Archive for June 30th, 2010

How to configure ProFTPD to chroot users to /home directory or any other selected directory

Wednesday, June 30th, 2010

If you’re using ProFTPD user on a Linux server you most certainly has wondered how you can configure the FTP server to chroot (or jail) it’s users to a particular directory of choice.

By the default the behaviour of ProFPTD is not to use any chrooting, I believe because chrooting is not yet a mass well accepted standard, so you will have to do a minor modifications to proftpd.conf file.
Actually it’s a way easier than it sounds to configure the ProFTPD to chroot / jail it’s users.

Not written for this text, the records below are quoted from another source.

(* Let $G=(V,E,X)$ be a spatial graph with $E\neq\emptyset$, let $(R,A,k)\in\mathrm{Sim}(p)$ and $G'=\psi(G,(R,A,k))=(V,E,kRX+A)$. Assume $0<\sup_{\theta\ge0} d_B(PD(G),PD(f_\theta(G)))<\infty$ and that this supremum is attained. Then for every $\theta\ge0$, $S_{k\theta}(G')=S_\theta(G)$; consequently $\arg\min_{\beta\ge0}S_\beta(G')=k\cdot\arg\min_{\theta\ge0}S_\theta(G)$. In particular, if $\theta^*$ minimizes $\theta\mapsto S_\theta(G)$, then $\beta^*=k\theta^*$ minimizes $\beta\mapsto S_\beta(G')$, and the topological spatial graph coarsening $F(G)=f_{\theta^*}(G)$ is equivariant: $$F(\psi(G,(R,A,k)))=f_{k\theta^*}(G')=\psi(F(G),(R,A,k)).$$
   Context: A spatial graph is a triple $G=(V,E,X)$ with finite node set $V$, undirected edge set $E\subseteq V\times V$, positions $x_u\in\mathbb{R}^p$, and edge lengths $\ell_{u,v}=\|x_u-x_v\|$. For $\theta\ge0$, $sub(G,\theta)=(V,\{(u,v)\in E:\ell_{u,v}\le\theta\})$. Coarsening: $f_\theta(G)=(f^V_\theta(G),f^E_\theta(G),f^X_\theta(G))$, where $f^V_\theta(G)=\{V_1,\dots,V_K\}$ is the partition of $V$ into vertex sets of connected components of $sub(G,\theta)$ (hypernodes); $f^E_\theta(G)$ contains $(V_i,V_j)$ for distinct hypernodes iff some $u\in V_i$, $v\in V_j$ have $(u,v)\in E$; positions are either average positioning $f^X_\theta(G)_i=\frac1{|V_i|}\sum_{u\in V_i}x_u$ or degree positioning $f^X_\theta(G)_i=x_u$, $u=\arg\max_{v\in V_i}\deg(v)$ (degree in $(V,E)$, ties broken by a fixed rule depending only on $(V,E)$). The coarsened graph is a spatial graph with Euclidean edge lengths between hypernode positions. Similarity action: for $R\in O_p(\mathbb{R})$, $A\in\mathbb{R}^p$, $k>0$, $\psi(G,(R,A,k))$ replaces each position $x$ by $kRx+A$ (for any spatial graph, including coarsened ones). Shortest-path distance $d_G(u,v)$: minimal total length of a path from $u$ to $v$ in $(V,E)$ ($0$ if $u=v$, $+\infty$ if none). Triangle-aware filtration $\widetilde{\mathcal C}(G)$: simplex $\sigma\subseteq V$ enters at scale $t(\sigma)$, with $t(\{u\})=0$, $t(\{u,v\})=d_G(u,v)$, $t(\{u,v,w\})=\min\{d_G(u,v)+d_G(v,w),d_G(u,w)+d_G(v,w),d_G(u,v)+d_G(u,w)\}$, and for dimension $\ge3$, $t(\sigma)$ is the max of $t$ over its codimension-one faces. $PD(G)$ is the persistence diagram (multiset of points $(r_b,r_d)$, over a fixed set of homological dimensions) of this filtration. Bottleneck distance: for diagrams $\mu,\nu$ and diagonal $\Delta=\{(a,a):a\in\mathbb{R}\}$, $d_B(\mu,\nu)=\inf_{\pi}\sup_{x}\|x-\pi(x)\|_\infty$, the infimum over bijections $\pi:\mu\cup\Delta\to\nu\cup\Delta$. Score: $S_\theta(G)=\frac{|f^E_\theta(G)|}{|E|}+\lambda(G)\,d_B(PD(G),PD(f_\theta(G)))$ with $\lambda(G)=\big[\max_{\theta\ge0}d_B(PD(G),PD(f_\theta(G)))\big]^{-1}$. The topological spatial graph coarsening is $F(G)=f_{\theta^*}(G)$ with $\theta^*\in\arg\min_{\theta\ge0}S_\theta(G)$. *)

From HB Require Import structures.
From mathcomp Require Import all_boot all_order all_algebra.
From mathcomp Require Import all_classical all_reals.
From mathcomp Require Import ereal.

Set Implicit Arguments.
Unset Strict Implicit.
Unset Printing Implicit Defensive.

Import Order.TTheory GRing.Theory Num.Theory.
Local Open Scope ring_scope.

Section SpatialGraphs.
Variables (R : realType) (p : nat).

(* A spatial graph on a finite ambient type T: node set V, undirected edges
   represented as 2-element subsets of V, and positions x_u in R^p
   (column vectors).  Positions outside V are irrelevant. *)
Record sgraph (T : finType) := SGraph {
  sV : {set T};
  sE : {set {set T}};
  sX : T -> 'cV[R]_p
}.

Definition wf_sgraph (T : finType) (G : sgraph T) : Prop :=
  forall e, e \in sE G -> e \subset sV G /\ #|e| = 2%N.

Definition enorm (x : 'cV[R]_p) : R := Num.sqrt (\sum_i (x i 0) ^+ 2).

Definition elen (T : finType) (G : sgraph T) (u v : T) : R :=
  enorm (sX G u - sX G v).

Definition adj (T : finType) (G : sgraph T) : rel T :=
  fun u v => [set u; v] \in sE G.

Definition deg (T : finType) (G : sgraph T) (u : T) : nat :=
  #|[set e in sE G | u \in e]|.

Definition subadj (T : finType) (G : sgraph T) (theta : R) : rel T :=
  fun u v => adj G u v && (elen G u v <= theta).

Definition hnode (T : finType) (G : sgraph T) (theta : R) (u : T) : {set T} :=
  [set v | connect (subadj G theta) u v].

Definition coarseV (T : finType) (G : sgraph T) (theta : R) : {set {set T}} :=
  [set hnode G theta u | u in sV G].

Definition coarseE (T : finType) (G : sgraph T) (theta : R)
  : {set {set {set T}}} :=
  [set [set Vi; Vj] | Vi in coarseV G theta, Vj in coarseV G theta &
     (Vi != Vj) && [exists u in Vi, exists v in Vj, adj G u v]].

Inductive posmode := AveragePos | DegreePos.

Definition coarseX (T : finType) (G : sgraph T) (m : posmode) (S : {set T})
  : 'cV[R]_p :=
  match m with
  | AveragePos => (#|S|%:R)^-1 *: \sum_(u in S) sX G u
  | DegreePos =>
      match [pick u in S] with
      | Some u0 => sX G [arg max_(u > u0 in S) deg G u]
      | None => 0
      end
  end.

To configure ProFTPD to chroot it’s users to the /home directory all you have to do is edit your proftpd.conf
On Debian Linux and many other Linux distributions the proftpd.conf is located in /etc/proftpd/proftpd.conf

root@linux-server:~# vim /etc/proftpd/proftpd.conf

Therein uncomment the line # DefaultRoot ~

to read

DefaultRoot ~

If you further need to chroot proftpd users to be jailed to let’s say their public_html file for security reasons you can just change the up-mentioned proftpd DocumentRoot directive to:

DefaultRoot ~/public_html

Hopefully partaking this steps will be a step further to make your Linux server a bit more secure.